Following this inspection, we told the provider that it must take some actions to comply with the regulations and that it should make other improvements to help the service improve. We also issued the provider with one requirement notice that affected Optegra Surrey Eye Hospital. Details are at the end of the report.

Amanda Stanford

Deputy Chief Inspector of Hospitals

Outpatients and diagnostic imaging

Good

Updated 16 February 2018

Surgery, outpatients and diagnostic imaging were the only activities at the service.

Surgery was the main activity of the hospital. Where our findings on surgery also apply to other services, we do not repeat the information but cross-refer to the surgery section. Staffing was managed jointly with outpatients and diagnostic imaging.

We rated outpatients and diagnostic imaging overall as good, because it was caring, responsive and well led, although we found it to require improvement in safety.

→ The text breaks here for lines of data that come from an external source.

Lemma witness_cluster x k e : `|x| <= scale R k -> 0 <= e <= (scale R k)^-1 ->
  witness (x + (cluster R k + e)) =
    height R k * Num.min (distC G (x + e)) (Num.max 0 (scale R k - `|x + e|)).
Proof.
move=> /[!ler_norml] /andP[x_ge x_le] /andP[e_ge0 e_le].
have -> : x + e = x + (cluster R k + e) - cluster R k by ring.
apply: witnessE; have := cluster_sep R k; have := sepS R k; have := scale_gt0 R k.
by move=> *; apply/andP; split; lra.
Qed.

Lemma coarse_sum_le x k : `|x| <= scale R k ->
  \sum_(i < ncoarse k.+1) witness (x + point R k.+1 i) <= (4 * scale R k)^-1.
Proof.
move=> /[!ler_norml] /andP[x_ge _].
apply: (@le_trans _ _ (\sum_(i < ncoarse k.+1) height R k)).
  apply: ler_sum => i _; apply: witness_le_height.
  rewrite point_coarse 1?ltnW // originS cluster_sep.
  have : 0 <= i%:R / scale R k.+1 by rewrite divr_ge0 // ltW // scale_gt0.
  have : 0 < (scale R k)^-1 by rewrite invr_gt0 scale_gt0.
  by have := scale_gt0 R k; lra.
by rewrite sumr_const card_ord -[leLHS]mulr_natl ncoarse_height.
Qed.

Lemma cluster_sum_le x k : ~ G x -> `|x| <= scale R k -> cluster_sum x k <= (scale R k)^-1.
Proof.
move=> nGx le_x.
apply: (@le_trans _ _ (\sum_(i < ncluster k) height R k * (scale R k)^-1)); last first.
  by rewrite sumr_const card_ord -[leLHS]mulr_natl mulrA ncluster_height mul1r.
apply: ler_sum => i _; have /andP[e_ge0 e_lt] := mesh_offset R (ltn_ord i).
rewrite witness_cluster ?e_ge0 ?(ltW e_lt) // ler_pM2l ?height_gt0 // ge_min.
apply/orP; left; apply: le_trans (distC_lipschitz G _ x) _.
by rewrite distC_out // add0r addrAC subrr add0r ger0_norm // ltW.
Qed.

Lemma cluster_sum_ge x k : `|x| + 2 <= scale R k -> 2 <= distC G x * scale R k ->
  distC G x / 2 <= cluster_sum x k.
Proof.
move=> le_x le_p; set p := distC G x in le_p *.
have p_ge0 : 0 <= p := distC_ge0 G x; have p_le1 : p <= 1 := distC_le1 G x.
have t_gt0 := scale_gt0 R k.
have tV : scale R k * (scale R k)^-1 = 1 by rewrite mulfV // gt_eqF.
have inv_le : (scale R k)^-1 <= p / 2 by nra.
apply: (@le_trans _ _ (\sum_(i < ncluster k) height R k * (p / 2))).
  by rewrite sumr_const card_ord -[leRHS]mulr_natl mulrA ncluster_height mul1r.
apply: ler_sum => i _.
have /andP[e_ge0 e_lt] := mesh_offset R (ltn_ord i); set e := i%:R * mesh R k in e_ge0 e_lt *.
have x_le : `|x| <= scale R k by have := normr_ge0 x; lra.
rewrite witness_cluster ?e_ge0 ?(ltW e_lt) // ler_pM2l ?height_gt0 // le_min.
apply/andP; split.
  have := distC_lipschitz G x (x + e); rewrite -/p opprD addrA subrr sub0r normrN.
  by rewrite ger0_norm //; lra.
rewrite le_max; apply/orP; right.
have : `|x + e| <= `|x| + e by rewrite -[X in _ <= _ + X]ger0_norm // ler_normD.
have : (scale R k)^-1 <= 1.
  by rewrite invr_le1 ?unitfE ?gt_eqF //; have := normr_ge0 x; lra.
lra.
Qed.

Lemma block_sum_le x k : ~ G x -> `|x| <= scale R k -> block_sum x k.+1 <= (scale R k)^-1.
Proof.
move=> nGx le_x; rewrite block_sum_split.
have t_gt0 := scale_gt0 R k.
have le_x' : `|x| <= scale R k.+1 by rewrite scaleS; have := normr_ge0 x; lra.
have := coarse_sum_le le_x; have := cluster_sum_le nGx le_x'.
rewrite scaleS !invfM; have : 0 < (scale R k)^-1 by rewrite invr_gt0.
lra.
Qed.

Lemma block_sum_ge0 x k : 0 <= block_sum x k.
Proof. by apply: sumr_ge0 => i _; exact: witness_ge0. Qed.
(* Let $n>1$, let $D$ be a set, and let $f:\mathcal{S}^n\to D$ be (rightward) memoryless, witnessed by a rightward or leftward function $g:\mathcal{S}^{n-1}\to D$ and a binary operator $\oplus:D\times D\to D$ (so $f(\sigma\bullet[\delta])=f(\sigma)\oplus g(\delta)$ for all $\sigma,\delta$). Define $h:\mathcal{S}_D\to D$ by $h([])=f([])$ and $h(x\bullet[a])=h(x)\oplus a$ for all $x\in\mathcal{S}_D$, $a\in D$ (the summarized version of $f$). If $h$ is $\odot$-homomorphic for some binary operator $\odot:D\times D\to D$, then $f$ is $\odot$-homomorphic.
   Context: $\mathit{Sc}$ is a set of scalars. $\mathcal{S}^0=\mathit{Sc}$ and, for $n\ge1$, $\mathcal{S}^n$ is the set of finite sequences of elements of $\mathcal{S}^{n-1}$; $\mathcal{S}_D$ is the set of finite sequences of elements of $D$; $\bullet$ is concatenation, $[]$ the empty sequence, $[a]$ a one-element sequence. A function $g$ on sequences is rightward if there is $\oplus'$ with $g(x\bullet[a])=g(x)\oplus' a$ for all $x,a$, leftward if there is $\otimes'$ with $g([a]\bullet x)=a\otimes' g(x)$. A function $F$ on sequences is $\odot$-homomorphic if $F(x\bullet y)=F(x)\odot F(y)$ for all sequences $x,y$ in its domain. *)

From mathcomp Require Import all_boot.
Set Implicit Arguments. Unset Strict Implicit. Unset Printing Implicit Defensive.

Fixpoint S (Sc : Type) (n : nat) : Type :=
  match n with
  | 0 => Sc
  | n'.+1 => seq (S Sc n')
  end.

Definition rightward (A B : Type) (g : seq A -> B) : Prop :=
  exists op' : B -> A -> B, forall (x : seq A) (a : A), g (x ++ [:: a]) = op' (g x) a.

Definition leftward (A B : Type) (g : seq A -> B) : Prop :=
  exists op' : A -> B -> B, forall (x : seq A) (a : A), g ([:: a] ++ x) = op' a (g x).

Definition homomorphic (A B : Type) (odot : B -> B -> B) (F : seq A -> B) : Prop :=
  forall x y : seq A, F (x ++ y) = odot (F x) (F y).

From mathcomp Require Import all_boot.

(* A memoryless [f] is its summary [h] applied to the sequence of [g]-values,
   and [map g] preserves concatenation, so [f] inherits every homomorphism
   property of [h]. *)

Section MemorylessSummary.

Variables (A D : Type) (f : seq A -> D) (g : A -> D) (oplus : D -> D -> D).
Variable h : seq D -> D.

Hypothesis f_snoc : forall (s : seq A) (a : A), f (s ++ [:: a]) = oplus (f s) (g a).
Hypothesis h_nil : h [::] = f [::].
Hypothesis h_snoc : forall (x : seq D) (d : D), h (x ++ [:: d]) = oplus (h x) d.

Lemma memoryless_summaryE (s : seq A) : f s = h (map g s).
Proof.
elim/last_ind: s => [|s a IHs]; first by rewrite h_nil.
by rewrite -cats1 f_snoc map_cat h_snoc IHs.
Qed.

End MemorylessSummary.

Lemma homomorphic_comp_map (A B D : Type) (odot : D -> D -> D)
    (F : seq A -> D) (g : A -> B) (H : seq B -> D) :
  F =1 H \o map g -> homomorphic odot H -> homomorphic odot F.
Proof. by move=> FE Hhom x y; rewrite !FE /= map_cat Hhom. Qed.

(* n > 1 is written n = m.+2, so S^n = S Sc m.+2 and S^(n-1) = S Sc m.+1 *)
Theorem proposition4p6 (Sc D : Type) (m : nat)
  (f : S Sc m.+2 -> D) (g : S Sc m.+1 -> D) (oplus : D -> D -> D)
  (hg : rightward g \/ leftward g)
  (hmem : forall (sigma : S Sc m.+2) (delta : S Sc m.+1),
            f (sigma ++ [:: delta]) = oplus (f sigma) (g delta))
  (h : seq D -> D)
  (h_nil : h [::] = f [::])
  (h_snoc : forall (x : seq D) (a : D), h (x ++ [:: a]) = oplus (h x) a)
  (odot : D -> D -> D)
  (hhom : homomorphic odot h) :
  homomorphic odot f.
Proof.
apply: (@homomorphic_comp_map _ _ _ odot f g h _ hhom).
exact: memoryless_summaryE hmem h_nil h_snoc.
Qed.
(* The categorization functor $cat:\mathbf{MdTop}\to\mathbf{Flow}$ is neither a left adjoint nor a right adjoint. In particular, it cannot be a left or a right Quillen equivalence.
   Context: Work in $\mathbf{Top}$, the category of $\Delta$-generated spaces (or $\Delta$-Hausdorff $\Delta$-generated spaces), cartesian closed; subsets carry the $\Delta$-kelleyfication of the relative topology. $\mathcal{G}(1,1)$ is the space of nondecreasing homeomorphisms $[0,1]\to[0,1]$. For paths $\gamma_1,\gamma_2$ on $[0,1]$ with $\gamma_1(1)=\gamma_2(0)$, $(\gamma_1*_N\gamma_2)(t)=\gamma_1(2t)$ for $t\le1/2$, $\gamma_2(2t-1)$ for $t\ge1/2$. A multipointed $d$-space $X=(|X|,X^0,\mathbb{P}^{\mathcal{G}}X)$ is a space $|X|$, a subset $X^0$ of states, and a set of continuous execution paths $[0,1]\to|X|$ with endpoints in $X^0$, stable under precomposition by $\mathcal{G}(1,1)$ and normalized composition; maps are continuous maps preserving states and execution paths; category $\mathbf{MdTop}$. $\mathbb{P}^{\mathcal{G}}_{\alpha,\beta}X$ (paths from $\alpha$ to $\beta$) is a subspace of the mapping space ${\rm TOP}([0,1],|X|)$. A flow $Y$ is a small semicategory enriched over $(\mathbf{Top},\times)$: a set $Y^0$ of states, spaces $\mathbb{P}_{\alpha,\beta}Y$, associative continuous compositions $\mathbb{P}_{\alpha,\beta}Y\times\mathbb{P}_{\beta,\gamma}Y\to\mathbb{P}_{\alpha,\gamma}Y$ (no identities); category $\mathbf{Flow}$. The categorization functor: $cat(X)$ has states $X^0$, $\mathbb{P}_{\alpha,\beta}cat(X)$ the coequalizer of the two maps $\mathbb{P}^{\mathcal{G}}_{\alpha,\beta}X\times\mathcal{G}(1,1)\rightrightarrows\mathbb{P}^{\mathcal{G}}_{\alpha,\beta}X$, $(c,\phi)\mapsto c$ and $(c,\phi)\mapsto c\circ\phi$, and composition induced by normalized composition $*_N$. *)

From Stdlib Require Import Reals Lra ClassicalEpsilon Relation_Operators.
Open Scope R_scope.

We did not rate the service for being effective.

Surgery

Good

Updated 16 February 2018

Surgery was the main activity of the hospital. Where our findings on surgery also apply to other services, we do not repeat the information but cross-refer to the surgery section. Staffing was managed jointly with outpatients and diagnostic imaging.

We rated this service as good because it was effective, caring, responsive and well-led, although it requires improvement in safety.